So Your Fintech Startup Wants to Issue a Payment Card?

Tomáš Vyšný
FinTech Innovation
Published in
3 min readAug 12, 2016
Source: Wirecard

Come to think about it, a payment card is one of the key touch points (if not the touch point) customers use in their daily lifes to interact with their financial products and services.

Payment card is a commodity product— or at least, it has been one up until recently. In my view, the traditional banking way of thinking about a payment card is of “a payment medium linked to a current/credit/prepaid account or other fund storage medium”.

This paradigm is flipped on its head in the fintech world. The thinking is different — a card is no more just an subordinate of an account but rather a substantial part of the product itself. In sync with an underlying account; it enables creation of compelling and unique customer use cases and propositions.

It has also probably never been easier and [relatively] cheaper to issue a payment card for non-regulated businesses in Europe.

It is no wonder then that many of the most interesting fintech startups are employing payment cards as a core element of their customer proposition.

Source: Number26

Fintech Startups Leveraging Cards in their Proposition

Revolut is a startup that claims to be “the new fair way to instantly send and spend money globally”. With an underlying multicurrency account and obviously a payment card Revolut is seeing some solid traction- $500 million (£342 million) of customer money has been spent or transferred on its cards in just 10 months.

Curve is an example of another card-centered proposition backed by the likes of Seedcamp and Speedinvest. It claims to be “the next generation payment card — a single card built on the MasterCard network that combines all your cards into one. Upload your existing debit and credit cards into the Curve app, and sync them with the Curve card…Curve has created a single, efficient, user focused touchpoint between a user and their money.” [source:Crunchbase]

Pleo, which has recently won best of the show award at Pioneers Festival in Vienna is an example of a card-centered small business proposition. This Copenhagen-based startup is working on a “a company payment card that works for you” —for better management of employee expenses and related back office processes.

Then there are the challenger banks. A next generation of banks obviously cannot do without offering the traditional plastic card — Berlin-based pan-european Number 26 was one of the first one to roll out their card/account offering; followed by an UK-based challenger Mondo and soon to be followed by others as they roll out their product offerings.

Mondo-issued card (source: www.getmondo.co.uk)

Learnings & Considerations

I have recently worked on conceptualizing a card product with one of the challenger banks — drawing on this experience I came up with couple of high-level considerations I believe are useful to keep in mind before diving into the process of issuing your own card.

Note: The below is aimed at fintech startup people with no payments/card issuing experience rather than experts in the area.

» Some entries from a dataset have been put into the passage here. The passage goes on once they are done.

(* There exists no simple, locally finite lattice $S$ with more than two elements such that every finite sublattice of $S$ satisfies $(\mathrm{T}_\vee)$.
   Context: A lattice is simple if its only congruences are the identity and the total congruence. It is locally finite if every finitely generated sublattice is finite. For a finite lattice $A$, let $\mathrm{J}(A)$ be its set of join-irreducible elements; for $q\in\mathrm{J}(A)$ let $q_*$ be its unique lower cover. The join-dependency relation $D_A$ on $\mathrm{J}(A)$ is defined by: $p\,D_A\,q$ iff $p\neq q$ and there exists $x\in A$ with $p\leq q\vee x$ and $p\nleq q_*\vee x$. A finite lattice $A$ satisfies $(\mathrm{T}_\vee)$ if $D_A$ has no cycle. *)

From HB Require Import structures.
From mathcomp Require Import all_boot all_order.
Set Implicit Arguments. Unset Strict Implicit. Unset Printing Implicit Defensive.
Import Order.Theory.
Local Open Scope order_scope.

Section LatticeDefs.
Context {disp : Order.disp_t} {T : latticeType disp}.

Definition lattice_congruence (th : T -> T -> Prop) : Prop :=
  (forall x, th x x) /\ (forall x y, th x y -> th y x) /\
  (forall x y z, th x y -> th y z -> th x z) /\
  (forall x y x' y', th x x' -> th y y' -> th (x `&` y) (x' `&` y')) /\
  (forall x y x' y', th x x' -> th y y' -> th (x `|` y) (x' `|` y')).

Definition simple_lattice : Prop :=
  forall th, lattice_congruence th ->
    (forall x y, th x y <-> x = y) \/ (forall x y, th x y).

Inductive gen_sublattice (X : seq T) : T -> Prop :=
| gen_base x : x \in X -> gen_sublattice X x
| gen_meet x y : gen_sublattice X x -> gen_sublattice X y -> gen_sublattice X (x `&` y)
| gen_join x y : gen_sublattice X x -> gen_sublattice X y -> gen_sublattice X (x `|` y).

Definition finite_set (P : T -> Prop) : Prop :=
  exists s : seq T, forall x, P x -> x \in s.

Definition locally_finite : Prop :=
  forall X : seq T, finite_set (gen_sublattice X).

Definition is_sublattice (A : seq T) : Prop :=
  A <> [::] /\
  (forall x y, x \in A -> y \in A -> x `&` y \in A) /\
  (forall x y, x \in A -> y \in A -> x `|` y \in A).

Definition join_irr (A : seq T) (q : T) : Prop :=
  q \in A /\ (exists a, a \in A /\ ~ (q <= a)) /\
  (forall x y, x \in A -> y \in A -> q = x `|` y -> q = x \/ q = y).

Definition lower_cover (A : seq T) (q c : T) : Prop :=
  c \in A /\ c < q /\ (forall z, z \in A -> c < z -> ~ (z < q)).

Definition join_dep (A : seq T) (p q : T) : Prop :=
  join_irr A p /\ join_irr A q /\ p <> q /\
  exists qs, lower_cover A q qs /\
    exists x, x \in A /\ p <= q `|` x /\ ~ (p <= qs `|` x).

Definition has_cycle (R : T -> T -> Prop) : Prop :=
  exists (n : nat) (f : nat -> T),
    (0 < n)%N /\ (forall i, (i < n)%N -> R (f i) (f i.+1)) /\ f n = f 0%N.

Definition satisfies_Tjoin (A : seq T) : Prop := ~ has_cycle (join_dep A).

Definition more_than_two : Prop :=
  exists a b c : T, a <> b /\ a <> c /\ b <> c.

End LatticeDefs.

From HB Require Import structures.
From mathcomp Require Import all_boot all_order zify.
From Stdlib Require Import Classical.
Set Implicit Arguments. Unset Strict Implicit. Unset Printing Implicit Defensive.
Import Order.Theory.
Local Open Scope order_scope.

(* In a finite lattice A whose join-dependency relation D_A is acyclic, any
   chain u < v < w of A admits a congruence of A collapsing exactly one of the
   pairs (u, v), (v, w): if K is a D_A-closed set of join-irreducibles, having
   the same elements of K below is a congruence, and K can be chosen to contain
   exactly one join-irreducible separating one of the two pairs. In a simple
   lattice, however, the congruence generated by (v, w) contains (u, v) and
   conversely; local finiteness puts witnesses of both facts in a single finite
   sublattice, where the separating congruence contradicts them. *)

Section SimpleLatticeTjoin.
Context {disp : Order.disp_t} {T : latticeType disp}.
Implicit Types (A X s : seq T) (a b c p q r t u v w x y z : T).

Lemma exists_minimal (R : T -> T -> Prop) (P : T -> Prop) s :
  (forall a b c, R a b -> R b c -> R a c) -> (forall a, ~ R a a) ->
  (exists x, x \in s /\ P x) ->
  exists m, [/\ m \in s, P m & forall y, y \in s -> P y -> ~ R y m].
Proof.
move=> Rtrans Rirr; elim: s => [|a s IH] [x [xs Px]]; first by rewrite in_nil in xs.
case: (classic (exists x, x \in s /\ P x)) => [/IH [m [ms Pm mmin]]|nos].
- case: (classic (P a /\ R a m)) => [[Pa Ram]|nam].
  + exists a; split => //; first exact: mem_head.
    move=> y; rewrite inE => /orP [/eqP -> _|ys Py Rya]; first exact: Rirr.
    exact: mmin y ys Py (Rtrans _ _ _ Rya Ram).
  + exists m; split => //; first by rewrite inE ms orbT.
    by move=> y; rewrite inE => /orP [/eqP -> Pa Ram|]; [apply: nam | exact: mmin].
- exists a; move: xs; rewrite inE => /orP [/eqP xa|xs]; last by case: nos; exists x.
  split; [exact: mem_head | by rewrite -xa |].
  move=> y; rewrite inE => /orP [/eqP -> _|ys Py]; first exact: Rirr.
  by case: nos; exists y.
Qed.

Lemma exists_lt_minimal (P : T -> Prop) s : (exists x, x \in s /\ P x) ->
  exists m, [/\ m \in s, P m & forall y, y \in s -> P y -> ~ y < m].
Proof. by apply: exists_minimal => [a b c|a]; [exact: lt_trans | rewrite ltxx]. Qed.

Lemma exists_lt_maximal (P : T -> Prop) s : (exists x, x \in s /\ P x) ->
  exists m, [/\ m \in s, P m & forall y, y \in s -> P y -> ~ m < y].
Proof.
apply: (@exists_minimal (fun a b => b < a)) => [a b c ba cb|a].
  exact: lt_trans cb ba.
by rewrite ltxx.
Qed.

Definition separates a b q := q <= b /\ ~ q <= a.

Definition walk (R : T -> T -> Prop) n p q := exists f : nat -> T,
  [/\ f 0%N = p, f n = q & forall i, (i < n)%N -> R (f i) (f i.+1)].

Lemma walk0 (R : T -> T -> Prop) p : walk R 0 p p.
Proof. by exists (fun=> p). Qed.
(* For every integer $n>2$ there exists a cake-cutting instance with $n$ players and an envy-free partial connected division $y$ such that, for every envy-free complete connected division $x$ of that instance, there are $n-2$ players $i$ with $u_i(y,i)=2\,u_i(x,i)$ (with $u_i(x,i)>0$), and the remaining two players $i$ satisfy $u_i(y,i)\ge u_i(x,i)$.
   Context: A cake is the interval $[0,1]$. There are $n$ players; each player $i$ has a valuation $v_i$, a nonatomic probability measure on $[0,1]$. A (connected) division $x$ is a sequence $(X_1,\dots,X_n)$ of pairwise disjoint open intervals of $[0,1]$ (possibly empty), $X_i$ being the piece of player $i$; it is complete if the union of the closures of the $X_i$ equals $[0,1]$, and partial otherwise. Write $u_i(x,j)=v_i(X_j)$. $x$ is envy-free if $u_i(x,i)\ge u_i(x,j)$ for all $i,j$. *)

From Stdlib Require Import Reals Lra List.
Open Scope R_scope.

(* A valuation (nonatomic probability measure on [0,1]) is represented by its
   cumulative distribution function F(t) = v([0,t]); nonatomic <-> F continuous.
   Then v((a,b)) = F b - F a. *)
Definition is_valuation (F : R -> R) : Prop :=
  continuity F /\
  (forall s t, s <= t -> F s <= F t) /\
  (forall t, t <= 0 -> F t = 0) /\
  (forall t, 1 <= t -> F t = 1).

Definition meas (F : R -> R) (I : R * R) : R := F (snd I) - F (fst I).

(* Open interval (a,b) with 0 <= a <= b <= 1 (empty iff a = b). *)
Definition good_interval (I : R * R) : Prop :=
  0 <= fst I /\ fst I <= snd I /\ snd I <= 1.

Definition in_open (I : R * R) (t : R) : Prop := fst I < t /\ t < snd I.

Definition is_division (n : nat) (X : nat -> R * R) : Prop :=
  (forall i, (i < n)%nat -> good_interval (X i)) /\
  (forall i j, (i < n)%nat -> (j < n)%nat -> i <> j ->
     forall t, ~ (in_open (X i) t /\ in_open (X j) t)).

(* Closure of a nonempty open interval (a,b) is [a,b]; of an empty one, empty. *)
Definition in_closure (I : R * R) (t : R) : Prop :=
  fst I < snd I /\ fst I <= t /\ t <= snd I.

Definition is_complete (n : nat) (X : nat -> R * R) : Prop :=
  forall t, 0 <= t <= 1 -> exists i, (i < n)%nat /\ in_closure (X i) t.

Definition util (v : nat -> R -> R) (X : nat -> R * R) (i j : nat) : R :=
  meas (v i) (X j).

Definition envy_free (n : nat) (v : nat -> R -> R) (X : nat -> R * R) : Prop :=
  forall i j, (i < n)%nat -> (j < n)%nat -> util v X i i >= util v X i j.

(* The instance lays a grid of [n] slots of width [w = 1/n] on the cake.  Player [n-1] is
   uniform, so in an envy-free complete division every piece is at most as long as hers; a
   dented valuation for player [n-2] and the spike players rule out a long last piece, so all
   [n] pieces have length exactly [w] and, tiling [[0,1]], are the slots themselves.  Each of
   the other [n-2] players values only a short window around a grid point, which is then an
   endpoint of two slots: the player gets exactly half of her value in [x], whereas the
   partial division [y] gives her the whole window.  Players [n-2] and [n-1] get [w] both in
   [x] and in [y]. *)

From Stdlib Require Import Reals Lra Lia List Wf_nat ZArith.
Open Scope R_scope.
(* Let $(V_n)_{n\ge1}$ be a sequence in $\mathcal{V}$ with $M:=\limsup_{n\to\infty}\mathcal{L}_{V_n}(0)>0$. Then $(\mathcal{L}_{V_n})_{n\ge1}$ has a pre-cutoff if and only if $(\mathcal{L}_{V_n})_{n\ge1}$ has a cutoff.
   Context: $\mathcal{V}$ denotes the class of all non-decreasing, right-continuous functions $V:(0,\infty)\to\mathbb{R}$ with $\lim_{\lambda\to0^+}V(\lambda)=0$ and $\lim_{\lambda\to\infty}V(\lambda)<\infty$; for $V\in\mathcal{V}$, $\mathcal{L}_V(t)=\int_{(0,\infty)}e^{-t\lambda}dV(\lambda)$ ($t\ge0$, Lebesgue–Stieltjes integral). With $M=\limsup_n\mathcal{L}_{V_n}(0)>0$: the sequence $(\mathcal{L}_{V_n})$ has a pre-cutoff if there exist $t_n>0$ and constants $0<A<B$ with $\lim_n\mathcal{L}_{V_n}(Bt_n)=0$ and $\liminf_n\mathcal{L}_{V_n}(At_n)>0$; it has a cutoff if there exist $t_n>0$ with $\lim_n\mathcal{L}_{V_n}(at_n)=0$ for all $a>1$ and $\lim_n\mathcal{L}_{V_n}(at_n)=M$ for all $0<a<1$ (such $t_n$ is a cutoff time). *)

From Stdlib Require Import Reals Lra ClassicalEpsilon.
Open Scope R_scope.

(** The class V: functions on (0,oo) (values outside (0,oo) are irrelevant). *)
Definition in_classV (V : R -> R) : Prop :=
  (forall x y, 0 < x -> x <= y -> V x <= V y) /\
  (forall x, 0 < x -> forall eps, 0 < eps ->
      exists d, 0 < d /\ forall y, x <= y < x + d -> Rabs (V y - V x) < eps) /\
  (forall eps, 0 < eps -> exists d, 0 < d /\ forall y, 0 < y < d -> Rabs (V y) < eps) /\
  (exists l, forall eps, 0 < eps -> exists B, forall y, B < y -> Rabs (V y - l) < eps).

Fixpoint RS_sum (f V : R -> R) (x xi : nat -> R) (n : nat) : R :=
  match n with
  | O => 0
  | S k => RS_sum f V x xi k + f (xi k) * (V (x (S k)) - V (x k))
  end.

Definition tagged_partition (a b : R) (x xi : nat -> R) (n : nat) : Prop :=
  x O = a /\ x n = b /\ forall i, (i < n)%nat -> x i <= xi i <= x (S i).

(** Riemann–Stieltjes integral of f against dV over [a,b] (= LS integral over (a,b]
    for continuous f and right-continuous nondecreasing V). *)
Definition is_RS_integral (f V : R -> R) (a b I : R) : Prop :=
  forall eps, 0 < eps -> exists delta, 0 < delta /\
    forall n x xi, tagged_partition a b x xi n ->
      (forall i, (i < n)%nat -> x (S i) - x i < delta) ->
      Rabs (RS_sum f V x xi n - I) < eps.

Definition is_LS_integral_pos (f V : R -> R) (I : R) : Prop :=
  forall eps, 0 < eps -> exists d B, 0 < d /\
    forall a b, 0 < a < d -> B < b -> a < b ->
      exists I', is_RS_integral f V a b I' /\ Rabs (I' - I) < eps.

Definition laplace (V : R -> R) (t : R) : R :=
  epsilon (inhabits 0) (is_LS_integral_pos (fun l => exp (- (t * l))) V).

(** Extended reals, for limsup (which may be +oo). *)
Inductive ER : Type := Fin (r : R) | PInf | MInf.

Definition is_limsup (u : nat -> R) (M : ER) : Prop :=
  match M with
  | Fin l => forall eps, 0 < eps ->
      (forall N, exists n, (N <= n)%nat /\ l - eps < u n) /\
      (exists N, forall n, (N <= n)%nat -> u n < l + eps)
  | PInf => forall K N, exists n, (N <= n)%nat /\ K < u n
  | MInf => forall K, exists N, forall n, (N <= n)%nat -> u n < K
  end.

Definition ER_pos (M : ER) : Prop :=
  match M with Fin l => 0 < l | PInf => True | MInf => False end.

Definition tends_to (u : nat -> R) (M : ER) : Prop :=
  match M with
  | Fin l => Un_cv u l
  | PInf => forall K, exists N, forall n, (N <= n)%nat -> K < u n
  | MInf => forall K, exists N, forall n, (N <= n)%nat -> u n < K
  end.

Definition liminf_pos (u : nat -> R) : Prop :=
  exists c, 0 < c /\ exists N, forall n, (N <= n)%nat -> c < u n.

Definition has_precutoff (V : nat -> R -> R) : Prop :=
  exists t : nat -> R, (forall n, 0 < t n) /\
    exists A B, 0 < A /\ A < B /\
      Un_cv (fun n => laplace (V n) (B * t n)) 0 /\
      liminf_pos (fun n => laplace (V n) (A * t n)).

Definition has_cutoff (V : nat -> R -> R) (M : ER) : Prop :=
  exists t : nat -> R, (forall n, 0 < t n) /\
    (forall a, 1 < a -> Un_cv (fun n => laplace (V n) (a * t n)) 0) /\
    (forall a, 0 < a < 1 -> tends_to (fun n => laplace (V n) (a * t n)) M).

From Stdlib Require Import Reals Lra Lia ClassicalEpsilon Classical.
Open Scope R_scope.

(* For V in the class, the transform L(t) is the supremum of the Darboux
   integrals of exp(-t l) dV(l) over compact intervals of (0,oo); Cauchy-Schwarz
   for Riemann-Stieltjes sums makes it midpoint log-convex, and it is
   nonnegative and nonincreasing.  Iterating midpoint log-convexity gives
   L(x + (z - x) / 2^k) ^ 2^k <= L(x) ^ (2^k - 1) * L(z).  Given a pre-cutoff
   (t_n, A, B), let T_n in [A t_n, B t_n] be the time at which L_n drops below
   a level h < liminf L_n(A t_n).  Taking z = B t_n, where L_n -> 0, the
   inequality forces L_n(a T_n) -> 0 for a > 1 and L_n(a T_n) -> +oo for
   a < 1.  Hence L_n(0) -> +oo, so M = +oo and T_n is a cutoff time.  The
   converse holds with A = 1/2 and B = 2. *)

Lemma le_of_le_add_mul (u v C : R) :
  0 <= C -> (forall e, 0 < e <= 1 -> u <= v + C * e) -> u <= v.
Proof.
  intros HC H. apply Rle_plus_epsilon. intros e He.
  set (e' := Rmin 1 (e / (C + 1))).
  assert (He' : 0 < e' <= 1).
  { unfold e'. split; [apply Rmin_glb_lt; [lra | apply Rdiv_lt_0_compat; lra] | apply Rmin_l]. }
  assert (HCe : C * e' <= e).
  { apply Rle_trans with (C * (e / (C + 1))).
    - apply Rmult_le_compat_l; [lra | apply Rmin_r].
    - assert (0 < e / (C + 1)) by (apply Rdiv_lt_0_compat; lra).
      apply Rle_trans with ((C + 1) * (e / (C + 1))); [nra | right; field; lra]. }
  specialize (H e' He'). lra.
Qed.

Lemma lub_approx (E : R -> Prop) (J e : R) :
  is_lub E J -> 0 < e -> exists s, E s /\ J - e < s.
Proof.
  intros [_ Hlub] He. apply NNPP. intros Hno.
  enough (J <= J - e) by lra.
  apply Hlub. intros s Hs. apply Rnot_lt_le. intros Hlt. apply Hno. now exists s.
Qed.

Definition nonincreasing_pos (f : R -> R) : Prop :=
  forall u v, 0 < u <= v -> f v <= f u.

Definition nondecreasing_pos (V : R -> R) : Prop :=
  forall u v, 0 < u -> u <= v -> V u <= V v.

Definition lipschitz_pos (f : R -> R) (K : R) : Prop :=
  forall u v, 0 < u <= v -> f u - f v <= K * (v - u).

Definition partition (a b : R) (x : nat -> R) (n : nat) : Prop :=
  x O = a /\ x n = b /\ forall i, (i < n)%nat -> x i <= x (S i).

Definition mesh_lt (x : nat -> R) (n : nat) (d : R) : Prop :=
  forall i, (i < n)%nat -> x (S i) - x i < d.

Definition two_point (a b : R) (i : nat) : R :=
  match i with O => a | S _ => b end.

(* Named for nonincreasing [f]: left-endpoint tags then give upper sums. *)
Definition upper_sum (f V : R -> R) (x : nat -> R) (n : nat) : R := RS_sum f V x x n.

Definition lower_sum (f V : R -> R) (x : nat -> R) (n : nat) : R :=
  RS_sum f V x (fun i => x (S i)) n.

Lemma partition_bounds a b x n :
  partition a b x n -> forall i, (i <= n)%nat -> a <= x i <= b.
Proof.
  intros [H0 [Hn Hs]].
  assert (Hmono : forall i j, (i <= j <= n)%nat -> x i <= x j).
  { intros i j [Hij Hjn]. revert Hjn. induction Hij as [|j Hij IH]; intros Hjn; [lra|].
    apply Rle_trans with (x j); [apply IH; lia | apply Hs; lia]. }
  intros i Hi. rewrite <- H0, <- Hn. split; apply Hmono; lia.
Qed.

Lemma partition_prefix a b x n : partition a b x (S n) -> partition a (x n) x n.
Proof. intros [H0 [_ Hs]]. split; [auto | split; [auto |]]. intros i Hi. apply Hs; lia. Qed.

Lemma partition_two_point a b : a <= b -> partition a b (two_point a b) 1.
Proof. intros Hab. repeat split. intros [|i] Hi; simpl; [lra | lia]. Qed.

Lemma tagged_partition_partition a b x xi n :
  tagged_partition a b x xi n -> partition a b x n.
Proof. intros [H0 [Hn Ht]]. repeat split; auto. intros i Hi. specialize (Ht i Hi). lra. Qed.

Lemma partition_tagged_left a b x n : partition a b x n -> tagged_partition a b x x n.
Proof.
  intros [H0 [Hn Hs]]. split; [auto | split; [auto |]].
  intros i Hi. specialize (Hs i Hi). lra.
Qed.

Lemma partition_fine_ex a b d :
  a <= b -> 0 < d -> exists x n, partition a b x n /\ mesh_lt x n d.
Proof.
  intros Hab Hd.
  destruct (archimed_cor1 (d / (b - a + 1))) as [N [HN HN0]].
  { apply Rdiv_lt_0_compat; lra. }
  assert (hN : 0 < INR N) by (apply lt_0_INR; auto).
  set (h := (b - a) / INR N).
  assert (hh : 0 <= h) by (apply Rmult_le_pos; [lra | left; apply Rinv_0_lt_compat; auto]).
  assert (hhd : h < d).
  { assert (h * INR N = b - a) by (unfold h; field; lra).
    apply (Rmult_lt_compat_l (INR N * (b - a + 1))) in HN; [|nra].
    replace (INR N * (b - a + 1) * / INR N) with (b - a + 1) in HN by (field; lra).
    replace (INR N * (b - a + 1) * (d / (b - a + 1))) with (INR N * d) in HN by (field; lra).
    nra. }
  exists (fun i => a + INR i * h), N. repeat split.
  - simpl. ring.
  - unfold h. field. lra.
  - intros i _. rewrite S_INR. lra.
  - intros i _. rewrite S_INR. lra.
Qed.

#1 Understand the supply chain

Especially if you do not have background is not from cards/payments, the supply chain of a card programme can become quite intimidating. At the very minumum you will be talking to or contracting the following people:

A/ BIN Sponsors

BIN sponsors are companies (usually subsidiaries of banks or banks themselves) who own and sponsor the card’s BIN range (the first 6 digits of a card number which identify the cards’ issuer).